Performance Stock Units
On November 3, 2022, the Company awarded PSUs of 84,371 shares of Class A common stock to certain executive officers of the Company under the Equity Incentive Plan. The grants are classified as equity awards. The aggregate grant date fair value of these restricted awards was $2.6 million. The PSUs provide for the issuance of shares of Class A common stock upon vesting, which occurs over a three-year performance period based on achievement of the following metrics: (i) compound aggregate revenue growth rate and (ii) average Adjusted EBITDA margin. The final number of shares of Class A common stock issuable upon vesting of PSUs can range from 0% to 150% of the number of PSUs initially granted, depending on the level of achievement, as determined by the Compensation Committee of the Company’s Board of Directors. The achievement of performance goals is modified by the total shareholder return ranking of the Company against the Russell 2000 Index over the performance period and can increase or decrease the achieved award by up to 15%.
Treasury Stock
On November 4, 2022, the Company received a total of 5,267 shares of Class A common stock from employees for reimbursement of income taxes paid by the Company on behalf of these employees related to restricted stock awards that vested on September 30, 2022.
Amendment to Credit Agreement
On November 18, 2022, the Company and each of its wholly owned subsidiaries (collectively, the “Borrowers”) entered into a First Amendment to the Third Amended and Restated Credit Agreement (the “Amendment” and the “Credit Agreement,” respectively). Among other things, the Amendment modified the provisions of the Credit Agreement requiring a prepayment of outstanding indebtedness following a disposition of property or assets exceeding certain thresholds. As a result of the Amendment, the Borrowers may receive up to $10.0 million in the aggregate of net cash proceeds from the disposal of property or assets (other than inventory in the ordinary course of business) in any fiscal year without the requirement to prepay any outstanding indebtedness. However, the Borrowers also may reinvest all or any portion of such net cash proceeds in fixed capital or operating assets, including real property (which reinvested amount will not count against the $10.0 million threshold), provided that (i) if any of the disposed property or assets constitute collateral under the Credit Agreement, the reinvestment must be in fixed capital or operating investments that also constitute collateral, (ii) the reinvestment (or entry into a definitive agreement providing for such reinvestment) must occur within 180 days after receipt of such net cash proceeds and (iii) if a definitive agreement to reinvest the net cash proceeds has been executed within such 180-day period, then the reinvestment must occur within 180 days after the entering into such definitive agreement. Any net cash proceeds not reinvested or subject to a definitive agreement must be applied to the prepayment of the outstanding indebtedness upon the conclusion of the applicable 180-day period.

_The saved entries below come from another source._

Lemma lq_norm_indmul_le a b c (E : {set 'I_m}) (F : {set 'I_n}) Nb Nc :
  a = b + c -> (mnorm p q mu nu b <= Nb%:E)%E -> (mnormT p q mu nu c <= Nc%:E)%E ->
  lq_norm q mu nu (indmul (setX E F) a) <=
  (Nb * msr mu E `^ alpha + Nc * msr nu F `^ alpha) / Cpq p q.
Proof.
move=> abc Hb Hc.
have Nb0 : 0 <= Nb by rewrite -lee_fin (le_trans (mnorm_ge0 b) Hb).
have Nc0 : 0 <= Nc by rewrite -lee_fin (le_trans (mnormT_ge0 c) Hc).
have Ci0 : 0 <= (Cpq p q)^-1 by rewrite invr_ge0 ltW ?Cpq_gt0.
have X0 : 0 <= Nb * msr mu E `^ alpha / Cpq p q by rewrite !mulr_ge0 ?powR_ge0.
have Y0 : 0 <= Nc * msr nu F `^ alpha / Cpq p q by rewrite !mulr_ge0 ?powR_ge0.
rewrite mulrDl -(le_powR2r q_gt0) ?powR_ge0 ?addr_ge0 // lq_normK.
pose om (x : 'I_m * 'I_n) := mu x.1 * nu x.2.
pose f (d : 'M[R]_(m, n)) x := `|indmul (setX E F) d x.1 x.2|.
apply: le_trans (_ : \sum_x (f b x + f c x) `^ q * om x <= _).
  apply: ler_sum => x _; apply: ler_wpM2r; first by rewrite mulr_ge0 ?ltW.
  rewrite /f !mxE le_powR2r ?q_gt0 ?addr_ge0 ?normr_ge0 //.
  by case: ifP => _; rewrite ?abc ?mxE ?ler_normD // !normr0 addr0.
apply: minkowski_sum => // [x|x|x||]; rewrite ?normr_ge0 //.
  by rewrite mulr_ge0 ?ltW.
  rewrite powq_alpha_Cpq ?msr_ge0 //; apply: le_trans (sum_entry_mass_le_mnorm E F Hb).
  by rewrite -lq_norm_indmul lq_normK; apply: ler_sum => x _; exact: lexx.
rewrite powq_alpha_Cpq ?msr_ge0 //; apply: le_trans (sum_entry_mass_le_mnormT E F Hc).
by rewrite -lq_norm_indmul lq_normK; apply: ler_sum => x _; exact: lexx.
Qed.

Lemma triple_norm_le_weak_norms a b c Nb Nc :
  a = b + c -> (mnorm p q mu nu b <= Nb%:E)%E -> (mnormT p q mu nu c <= Nc%:E)%E ->
  (triple_norm p q t mu nu a <= ((Nb + t * Nc) / Cpq p q)%:E)%E.
Proof.
move=> abc Hb Hc; apply: ge_ereal_sup => _ [[E F] /= [En Fn] <-]; rewrite lee_fin.
have Nb0 : 0 <= Nb by rewrite -lee_fin (le_trans (mnorm_ge0 b) Hb).
have Nc0 : 0 <= Nc by rewrite -lee_fin (le_trans (mnormT_ge0 c) Hc).
set X := msr mu E `^ alpha; set Y := t^-1 * msr nu F `^ alpha.
have Mp : 0 < Num.max X Y by rewrite lt_max /X (powR_gt0 _ (msr_gt0 mu_gt0 En)).
rewrite mulrC ler_pdivrMr //; apply: le_trans (lq_norm_indmul_le E F abc Hb Hc) _.
rewrite mulrAC ler_pM2r ?invr_gt0 ?Cpq_gt0 //.
rewrite mulrDl; apply: lerD; first by apply: ler_wpM2l; rewrite // le_max lexx.
have -> : Nc * msr nu F `^ alpha = t * Nc * Y by rewrite /Y; field; rewrite gt_eqF.
by apply: ler_wpM2l; rewrite ?mulr_ge0 ?(ltW t_gt0) // le_max lexx orbT.
Qed.

Lemma Cpq_triple_norm_le a b c : a = b + c ->
  ((Cpq p q)%:E * triple_norm p q t mu nu a <=
   mnorm p q mu nu b + t%:E * mnormT p q mu nu c)%E.
Proof.
move=> abc.
have tc0 : (0 <= t%:E * mnormT p q mu nu c)%E by rewrite mule_ge0 ?mnormT_ge0 // lee_fin ltW.
case Eb : (mnorm p q mu nu b) (mnorm_ge0 b) => [Nb| |] // _; last first.
  by rewrite addye ?leey // gt_eqF // (lt_le_trans _ tc0).
case Ec : (mnormT p q mu nu c) (mnormT_ge0 c) => [Nc| |] // _; last first.
  by rewrite [(t%:E * _)%E]muleC gt0_mulye ?lte_fin // addey ?leey.
have Hb : (mnorm p q mu nu b <= Nb%:E)%E by rewrite Eb.
have Hc : (mnormT p q mu nu c <= Nc%:E)%E by rewrite Ec.
have C0 : (0 <= (Cpq p q)%:E)%E by rewrite lee_fin ltW ?Cpq_gt0.
apply: le_trans (lee_wpmul2l C0 (triple_norm_le_weak_norms abc Hb Hc)) _.
by rewrite -EFinM -EFinD mulrC divfK ?gt_eqF ?Cpq_gt0.
Qed.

Acquisition of HMA Plants and Disposition of Quarry
On November 18, 2022, the Company’s Alabama-based subsidiary acquired three HMA plants in the Nashville, Tennessee metro area from Blue Water Industries. The transaction extended the Company’s footprint into the fast-growing Nashville, Tennessee metro area. In connection with the transaction, the Company’s North Carolina-based subsidiary received cash and transferred ownership of its Daurity Springs Quarry in North Carolina to Blue Water Industries, while retaining aggregate sourcing rights from the quarry for its HMA plants in the central North Carolina area. The Company received net cash consideration of $28.0 million related to these transactions. The total amount of consideration for these transactions remains subject to post-closing adjustments with respect to inventory quantities and other matters as of the date of this report.